DAWN analysis

The users can investigate the relationship between categories and identify the specific type of categories that are clustered within the network of categories of interest.

  • -e, –eig_vector: Eigen vector file. This is the output file from calculation of effective number of tests. The file name must have pattern *eig_vecs*.zarr.

  • -c, –corr_mat: Category correlation matrix file. This is the output file from correlation. The file name must have pattern *correlation_matrix*.zarr.

  • -P, –permut_test: Permutation test file. This is the output file from burden test. The file name must have pattern *permutation_test*.txt.gz.

  • -c_count, –cat_count: Path of the categories counts file from burden test.

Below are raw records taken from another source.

(* Let $\mathcal{X},\mathcal{A}$ be finite sets, and consider a stationary MFG $(\mathcal{X},\mathcal{A},p,r,\gamma)$ with $\gamma\in[0,1)$. For $\mu\in\Delta_{\mathcal{X}}$ and $\pi\in\Pi$, let $$J_\gamma(\pi;\mu)=\mathbb{E}\Big[\sum_{n\ge 0}\gamma^n r(x_n,a_n,\mu)\Big],\quad x_0\sim\mu,\ a_n\sim\pi(\cdot\mid x_n),\ x_{n+1}\sim p(\cdot\mid x_n,a_n,\mu),$$ and $\mathbf{BR}(\mu)=\operatorname{argmax}_{\pi\in\Pi}J_\gamma(\pi;\mu)$. Assume that (1) for every $\mu\in\Delta_{\mathcal{X}}$, $\mathbf{BR}(\mu)$ consists of a single policy $\pi^*_\mu$, and (2) the map $\Delta_{\mathcal{X}}\to\Pi$, $\mu\mapsto\pi^*_\mu$, is continuous (with $\Pi$ carrying its topology as a subset of $\mathbb{R}^{\mathcal{X}\times\mathcal{A}}$). Then this map is constant: there exists a single deterministic policy $\pi$ such that $\mathbf{BR}(\mu)=\{\pi\}$ for all $\mu\in\Delta_{\mathcal{X}}$.
   Context: $\Delta_{\mathcal{L}}$ denotes the set of probability distributions on a finite set $\mathcal{L}$. $\Pi=(\Delta_{\mathcal{A}})^{\mathcal{X}}$ is the set of stationary policies, a policy $\pi$ mapping each state $x$ to a distribution $\pi(\cdot\mid x)\in\Delta_{\mathcal{A}}$; a policy is deterministic if each $\pi(\cdot\mid x)$ is a Dirac mass. The transition kernel is $p:\mathcal{X}\times\mathcal{A}\times\Delta_{\mathcal{X}}\to\Delta_{\mathcal{X}}$ and the reward is $r:\mathcal{X}\times\mathcal{A}\times\Delta_{\mathcal{X}}\to\mathbb{R}$; in $J_\gamma(\pi;\mu)$ the population distribution $\mu$ is held fixed. *)

From HB Require Import structures.
From mathcomp Require Import all_boot all_order all_algebra.
From mathcomp Require Import all_classical all_reals all_analysis.
Set Implicit Arguments. Unset Strict Implicit. Unset Printing Implicit Defensive.
Import Order.TTheory GRing.Theory Num.Theory.
Import numFieldNormedType.Exports.
Import ArrowAsProduct.
Local Open Scope classical_set_scope.
Local Open Scope ring_scope.

Section MFG.
Variables (R : realType) (X A : finType).

Definition is_dist (T : finType) (m : T -> R) : Prop :=
  (forall t, 0 <= m t) /\ \sum_(t : T) m t = 1.

Definition Delta : set (X -> R) := [set m | is_dist m].

(* Pi = (Delta_A)^X : stationary policies, pi x a = pi(a | x) *)
Definition Policies : set (X -> A -> R) := [set pi | forall x, is_dist (pi x)].

Definition deterministic (pi : X -> A -> R) : Prop :=
  forall x, exists a : A, pi x = (fun b => if b == a then 1 else 0).

(* p x a mu y = p(y | x, a, mu),  r x a mu = r(x, a, mu) *)
Variables (p : X -> A -> (X -> R) -> X -> R) (r : X -> A -> (X -> R) -> R).

(* law of x_n when x_0 ~ mu, a_k ~ pi(.|x_k), x_{k+1} ~ p(.|x_k,a_k,mu) *)
Fixpoint state_law (pi : X -> A -> R) (mu : X -> R) (n : nat) : X -> R :=
  match n with
  | 0 => mu
  | n'.+1 => fun y => \sum_(x : X) \sum_(a : A)
                 state_law pi mu n' x * pi x a * p x a mu y
  end.

Definition exp_reward (pi : X -> A -> R) (mu : X -> R) (n : nat) : R :=
  \sum_(x : X) \sum_(a : A) state_law pi mu n x * pi x a * r x a mu.

Definition J (gamma : R) (pi : X -> A -> R) (mu : X -> R) : R :=
  limn (fun N => \sum_(0 <= n < N) gamma ^+ n * exp_reward pi mu n).

Definition BR (gamma : R) (mu : X -> R) : set (X -> A -> R) :=
  [set pi | Policies pi /\ forall pi', Policies pi' -> J gamma pi' mu <= J gamma pi mu].

End MFG.

From HB Require Import structures.
From mathcomp Require Import all_boot all_order all_algebra.
From mathcomp Require Import all_classical all_reals all_analysis.
From mathcomp Require Import ring lra.
Set Implicit Arguments. Unset Strict Implicit. Unset Printing Implicit Defensive.
Import Order.TTheory GRing.Theory Num.Theory.
Import numFieldNormedType.Exports.
Import ArrowAsProduct.
Local Open Scope classical_set_scope.
Local Open Scope ring_scope.

(* For a fixed population [mu], some deterministic policy is optimal: the value
   [V] of any policy [pi] solves a linear Bellman equation (invertible because
   [gamma < 1]), the policy acting greedily for [V] is deterministic and has a
   nonnegative Bellman residual against [V], and telescoping the discounted sum
   of residuals along its trajectory gives [J pi <= J pi']. So a unique best
   response is deterministic. A continuous map from the convex set [Delta] into
   deterministic policies has, on every segment, coordinates that are continuous
   with values in {0, 1}, hence constant. *)

Lemma dist_card_gt0 {R : realType} {T : finType} {m : T -> R} :
  is_dist m -> (0 < #|T|)%N.
Proof.
move=> [_ m1]; rewrite lt0n; apply/negP => /eqP /card0_eq T0.
by move: m1; rewrite big_pred0 // => /eqP; rewrite eq_sym oner_eq0.
Qed.

Lemma dist_le1 (R : realType) (T : finType) (m : T -> R) t : is_dist m -> m t <= 1.
Proof.
move=> [m0 <-]; rewrite (bigD1 t) //= lerDl.
by apply: sumr_ge0 => s _; exact: m0.
Qed.

Section DiscountedStochasticMatrix.
Variables (R : realFieldType) (n : nat) (P : 'M[R]_n) (gamma : R).
Hypotheses (P_ge0 : forall i j, 0 <= P i j) (P_sum1 : forall i, \sum_j P i j = 1).
Hypotheses (gamma_ge0 : 0 <= gamma) (gamma_lt1 : gamma < 1).

(* A left null vector [u] of [1 - gamma P] satisfies [u = gamma u P], so its
   l1-norm is at most [gamma] times itself. *)
Lemma unitmx_discounted_stochastic : 1%:M - gamma *: P \in unitmx.
Proof.
rewrite unitmxE unitfE; apply/det0P => -[u u_neq0].
rewrite mulmxBr mulmx1 -scalemxAr => /eqP; rewrite subr_eq0 => /eqP u_fix.
have u_j j : u 0 j = gamma * \sum_i u 0 i * P i j.
  by rewrite [in LHS]u_fix !mxE.
set S := \sum_j `|u 0 j|.
have S_le : S <= gamma * S.
  apply: (@le_trans _ _ (\sum_j gamma * \sum_i `|u 0 i| * P i j)).
    apply: ler_sum => j _; rewrite u_j normrM ger0_norm // ler_wpM2l //.
    apply: le_trans (ler_norm_sum _ _ _) _; apply: ler_sum => i _.
    by rewrite normrM (ger0_norm (P_ge0 i j)).
  rewrite -mulr_sumr exchange_big /=.
  by under eq_bigr do rewrite -mulr_sumr P_sum1 mulr1.
have S_le0 : S <= 0.
  have : (1 - gamma) * S <= 0 by rewrite mulrBl mul1r subr_le0.
  by rewrite pmulr_rle0 // subr_gt0.
apply: (negP u_neq0); apply/eqP/matrixP => i j; rewrite (ord1 i) mxE.
apply/eqP; rewrite -normr_eq0 eq_le normr_ge0 andbT; apply: le_trans S_le0.
by rewrite /S (bigD1 j) //= lerDl; apply: sumr_ge0 => k _.
Qed.

End DiscountedStochasticMatrix.

Section Geometric.
Variables (R : realType) (gamma : R).
Hypotheses (gamma_ge0 : 0 <= gamma) (gamma_lt1 : gamma < 1).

  • -o_dir, –output_directory: Path to the directory where the output files will be saved. By default, outputs will be saved at $CWAS_WORKSPACE.

  • –leiden: Perform Leiden clustering. Specify the input matrix type: eigen_vector or corr_mat. By default, None.

  • -res, –resolution: Resolution for Leiden clustering. By default, 1.

  • -r, –range: Range (i.e., (start,end)) to find optimal K for k-means clustering. It must contain two integers that are comma-separated. The first integer refers to the start number and must be above 1. The second integer refers to the end. By default, 2,100.

  • -k, –k_val: K for K-means clustering. With this argument, users can determine K manually. -r and -k arguments are mutually exclusive. If -k is given, -r will be ignored.

  • -s, –seed: Seed value for t-SNE. Same seed will generate same results for the same inputs. By default, 42.

  • -T, –tsen_method: Gradient calculation algorithm for t-SNE, which is used in TSNE of sklearn. If the dataset is large, ‘barnes_hut’ is recommended. By default, exact.

  • -t, –tag: Tag used for the name of the output files. By default, None.

  • -l, –lambda: Lambda value for parameter tuning. By default, 5.25.

  • -C, –count_threshold: The threshold of variant (or sample) counts. The least amount of variants a category should have. By default, 20.

  • -R, –corr_threshold: The threshold of correlation values between clusters. Computed by the mean value of correlation values of categories within a cluster. By default, 0.12.

  • -S, –size_threshold: The threshold of the number of categories per cluster. The least amount of categories a cluster should have. By default, 2.

  • –no-parsimonious: Disable parsimonious K selection. By default, the smallest K within the top 5% silhouette plateau is selected (parsimonious mode). This flag reverts to picking the absolute silhouette maximum.

  • -p, –num_proc: Number of worker processes that will be used for the DAWN analysis. By default, 1.

cwas dawn -e INPUT_EIG_VEC \
-c INPUT_CORR_MATRIX \
-P INPUT_PERMUATION_RESULT \
-o_dir OUTPUT_DIR \
-r 2,100 \
-s 42 \
-t test \
-c_count CATEGORY_COUNTS.txt \
-C 20 \
-R 0.12 \
-S 2 \
-p 8